-- Opening Marker --
(* In the bilevel setting of the context, suppose (A1), (A2), (A3) hold, $(x^*,y^* )$ is a bi-local solution of (BP), and MSCQ for $\Omega_1$ holds at $x^*$. Then $d_x=0$ is an optimal solution of the problem $$\min_{d_x}\ \nabla_xF(x^*,y^* )^Td_x+\nabla_yF(x^*,y^* )^Ty'(x^*;d_x)$$ subject to $\nabla_xH_i(x^*,y^* )^Td_x+\nabla_yH_i(x^*,y^* )^Ty'(x^*;d_x)=0$, $i\in[p]$, and $\nabla_xG_i(x^*,y^* )^Td_x+\nabla_yG_i(x^*,y^* )^Ty'(x^*;d_x)\le0$, $i\in I_G$.
   Context: Bilevel program (BP): $\min F(x,y)$ s.t. $H(x,y)=0$, $G(x,y)\le0$, $y\in S(x)$, $S(x)$ the solution set of $(P_x)$: $\min_yf(x,y)$ s.t. $h(x,y)=0$, $g(x,y)\le0$; on $\mathbb{R}^n\times\mathbb{R}^m$, $F,f$ scalar, $G\to\mathbb{R}^q$, $H\to\mathbb{R}^p$, $g\to\mathbb{R}^s$, $h\to\mathbb{R}^r$; $f,g,h\in C^3$, $F,G,H\in C^2$ around $(x^*,y^* )$. $Y(x)=\{y:h(x,y)=0,g(x,y)\le0\}$, $\Phi=\{(x,y):H=0,G\le0\}$, $I_G=\{i\in[q]:G_i(x^*,y^* )=0\}$, $\mathcal{L}=f+\mu^Th+\xi^Tg$, $\Lambda_{x^*}(y^* )$ = KKT multipliers $(\mu,\xi)$: $\nabla_y\mathcal{L}(x^*;y^*,\mu,\xi)=0$, $h(x^*,y^* )=0$, $0\le\xi\perp g(x^*,y^* )\le0$; assume $y^*\in Y(x^* )$, $\Lambda_{x^*}(y^* )\ne\emptyset$; $I_{x^*}(y^* )=\{i:g_i(x^*,y^* )=0\}$. (A1) MFCQ: $\{\nabla_yh_i(x^*,y^* )\}$ lin. independent and some $d_y$ has $\mathcal{J}_yh(x^*,y^* )d_y=0$, $\nabla_yg_i(x^*,y^* )^Td_y<0$, $i\in I_{x^*}(y^* )$. (A2) SSOSC: for all $(\mu^*,\xi^* )\in\Lambda_{x^*}(y^* )$, $d_y^T\nabla^2_{yy}\mathcal{L}(x^*;y^*,\mu^*,\xi^* )d_y>0$ for $d_y\ne0$ with $\mathcal{J}_yh(x^*,y^* )d_y=0$, $\nabla_yg_i(x^*,y^* )^Td_y=0$ when $g_i(x^*,y^* )=0,\xi^*_i>0$. (A3) CRCQ: near $(x^*,y^* )$, for all $I\subseteq I_{x^*}(y^* )$, $J\subseteq[r]$, $\{\nabla_yh_i(x,y)\}_{J}\cup\{\nabla_yg_i(x,y)\}_I$ has constant rank. Under (A1)–(A3) there is a locally Lipschitz, directionally differentiable map $y(\cdot)$ on a ball $\mathbb{B}_\delta(x^* )$, $y(x^* )=y^*$, with $y(x)$ the unique local solution of $(P_x)$ in a ball $\mathbb{B}_\varepsilon(y^* )$; $y'(x;d)=\lim_{t\downarrow0}(y(x+td)-y(x))/t$. $\Omega_1=\{x:H(x,y(x))=0,G(x,y(x))\le0\}$. MSCQ for $\Omega_1$ at $x^*$: $\mathrm{dist}(x,\Omega_1)\le\kappa\,\mathrm{dist}((H(x,y(x)),G(x,y(x))),\{0\}^p\times\mathbb{R}^q_-)$ for $x$ near $x^*$, some $\kappa>0$. Bi-local solution: $(x^*,y^* )\in\Phi$ with $\delta,\varepsilon>0$ such that $y^*$ minimizes $f(x^*,\cdot)$ on $Y(x^* )\cap\mathbb{B}_\varepsilon(y^* )$ and $F(x^*,y^* )\le F(x,y)$ whenever $x\in\mathbb{B}_\delta(x^* )$, $(x,y)\in\Phi$, $y\in\arg\min\{f(x,y'):y'\in Y(x)\cap\mathbb{B}_\varepsilon(y^* )\}$. *)

From HB Require Import structures.
From mathcomp Require Import all_boot all_order all_algebra.
From mathcomp Require Import all_classical all_reals all_analysis.
Set Implicit Arguments. Unset Strict Implicit. Unset Printing Implicit Defensive.
Import Order.TTheory GRing.Theory Num.Theory.
Import numFieldNormedType.Exports.
Local Open Scope classical_set_scope.
Local Open Scope ring_scope.

Section BilevelDefs.
Variable R : realType.

Definition enorm k (v : 'rV[R]_k) : R := Num.sqrt (\sum_(i < k) v 0 i ^+ 2).
Definition cball k (c : 'rV[R]_k) (rad : R) : set 'rV[R]_k :=
  [set z | enorm (z - c) <= rad].
Definition setdist k (v : 'rV[R]_k) (A : set 'rV[R]_k) : R :=
  inf [set enorm (v - a) | a in A].

Definition dot k (u v : 'rV[R]_k) : R := \sum_(i < k) u 0 i * v 0 i.

Definition evec N (i : 'I_N) : 'rV[R]_N := delta_mx 0 i.
Definition pd N (f : 'rV[R]_N -> R) (i : 'I_N) (z : 'rV[R]_N) : R :=
  derive f z (evec i).
Fixpoint iterD N (s : seq 'I_N) (f : 'rV[R]_N -> R) : 'rV[R]_N -> R :=
  match s with
  | [::] => f
  | i :: s' => pd (iterD s' f) i
  end.

Definition Ck N (k : nat) (f : 'rV[R]_N -> R) (z0 : 'rV[R]_N) : Prop :=
  exists rho : R, 0 < rho /\
    forall s : seq 'I_N, (size s <= k)%N ->
      {within cball z0 rho, continuous (iterD s f)} /\
      ((size s < k)%N -> forall z, cball z0 rho z ->
          forall i, derivable (iterD s f) z (evec i)).

Definition unc n m (F : 'rV[R]_n -> 'rV[R]_m -> R) : 'rV[R]_(n + m) -> R :=
  fun z => F (lsubmx z) (rsubmx z).
Definition comp n m k (G : 'rV[R]_n -> 'rV[R]_m -> 'rV[R]_k) (i : 'I_k)
  : 'rV[R]_n -> 'rV[R]_m -> R := fun x y => G x y 0 i.

Definition CkF n m k (F : 'rV[R]_n -> 'rV[R]_m -> R) x y :=
  Ck k (unc F) (row_mx x y).
Definition CkV n m l k (G : 'rV[R]_n -> 'rV[R]_m -> 'rV[R]_l) x y :=
  forall i, CkF k (comp G i) x y.

Definition gradx n m (F : 'rV[R]_n -> 'rV[R]_m -> R) x y : 'rV[R]_n :=
  \row_(i < n) pd (unc F) (lshift m i) (row_mx x y).
Definition grady n m (F : 'rV[R]_n -> 'rV[R]_m -> R) x y : 'rV[R]_m :=
  \row_(j < m) pd (unc F) (rshift n j) (row_mx x y).
Definition hessyy n m (F : 'rV[R]_n -> 'rV[R]_m -> R) x y : 'M[R]_m :=
  \matrix_(i < m, j < m) iterD [:: rshift n i; rshift n j] (unc F) (row_mx x y).

Variables (n m p q r s : nat).
Notation fun_s := ('rV[R]_n -> 'rV[R]_m -> R).
Notation fun_v k := ('rV[R]_n -> 'rV[R]_m -> 'rV[R]_k).

Definition lag (f : fun_s) (h : fun_v r) (g : fun_v s)
  (mu : 'rV[R]_r) (xi : 'rV[R]_s) : fun_s :=
  fun x y => f x y + \sum_(i < r) mu 0 i * h x y 0 i + \sum_(i < s) xi 0 i * g x y 0 i.

Definition Yset (h : fun_v r) (g : fun_v s) (x : 'rV[R]_n) : set 'rV[R]_m :=
  fun y => (forall i, h x y 0 i = 0) /\ (forall i, g x y 0 i <= 0).

Definition Phi (H : fun_v p) (G : fun_v q) (x : 'rV[R]_n) (y : 'rV[R]_m) : Prop :=
  (forall i, H x y 0 i = 0) /\ (forall i, G x y 0 i <= 0).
-- Closing Marker --
_What the exercise asks:_ Starting at the line above that contains "forall s : seq 'I_N, (size s <= k)%N ->", repeat each line exactly up to and including the line that contains "(mu : 'rV[R]_r)", and stop there.

_Your solution:_
    forall s : seq 'I_N, (size s <= k)%N ->
      {within cball z0 rho, continuous (iterD s f)} /\
      ((size s < k)%N -> forall z, cball z0 rho z ->
          forall i, derivable (iterD s f) z (evec i)).

Definition unc n m (F : 'rV[R]_n -> 'rV[R]_m -> R) : 'rV[R]_(n + m) -> R :=
  fun z => F (lsubmx z) (rsubmx z).
Definition comp n m k (G : 'rV[R]_n -> 'rV[R]_m -> 'rV[R]_k) (i : 'I_k)
  : 'rV[R]_n -> 'rV[R]_m -> R := fun x y => G x y 0 i.

Definition CkF n m k (F : 'rV[R]_n -> 'rV[R]_m -> R) x y :=
  Ck k (unc F) (row_mx x y).
Definition CkV n m l k (G : 'rV[R]_n -> 'rV[R]_m -> 'rV[R]_l) x y :=
  forall i, CkF k (comp G i) x y.

Definition gradx n m (F : 'rV[R]_n -> 'rV[R]_m -> R) x y : 'rV[R]_n :=
  \row_(i < n) pd (unc F) (lshift m i) (row_mx x y).
Definition grady n m (F : 'rV[R]_n -> 'rV[R]_m -> R) x y : 'rV[R]_m :=
  \row_(j < m) pd (unc F) (rshift n j) (row_mx x y).
Definition hessyy n m (F : 'rV[R]_n -> 'rV[R]_m -> R) x y : 'M[R]_m :=
  \matrix_(i < m, j < m) iterD [:: rshift n i; rshift n j] (unc F) (row_mx x y).

Variables (n m p q r s : nat).
Notation fun_s := ('rV[R]_n -> 'rV[R]_m -> R).
Notation fun_v k := ('rV[R]_n -> 'rV[R]_m -> 'rV[R]_k).

Definition lag (f : fun_s) (h : fun_v r) (g : fun_v s)
  (mu : 'rV[R]_r) (xi : 'rV[R]_s) : fun_s :=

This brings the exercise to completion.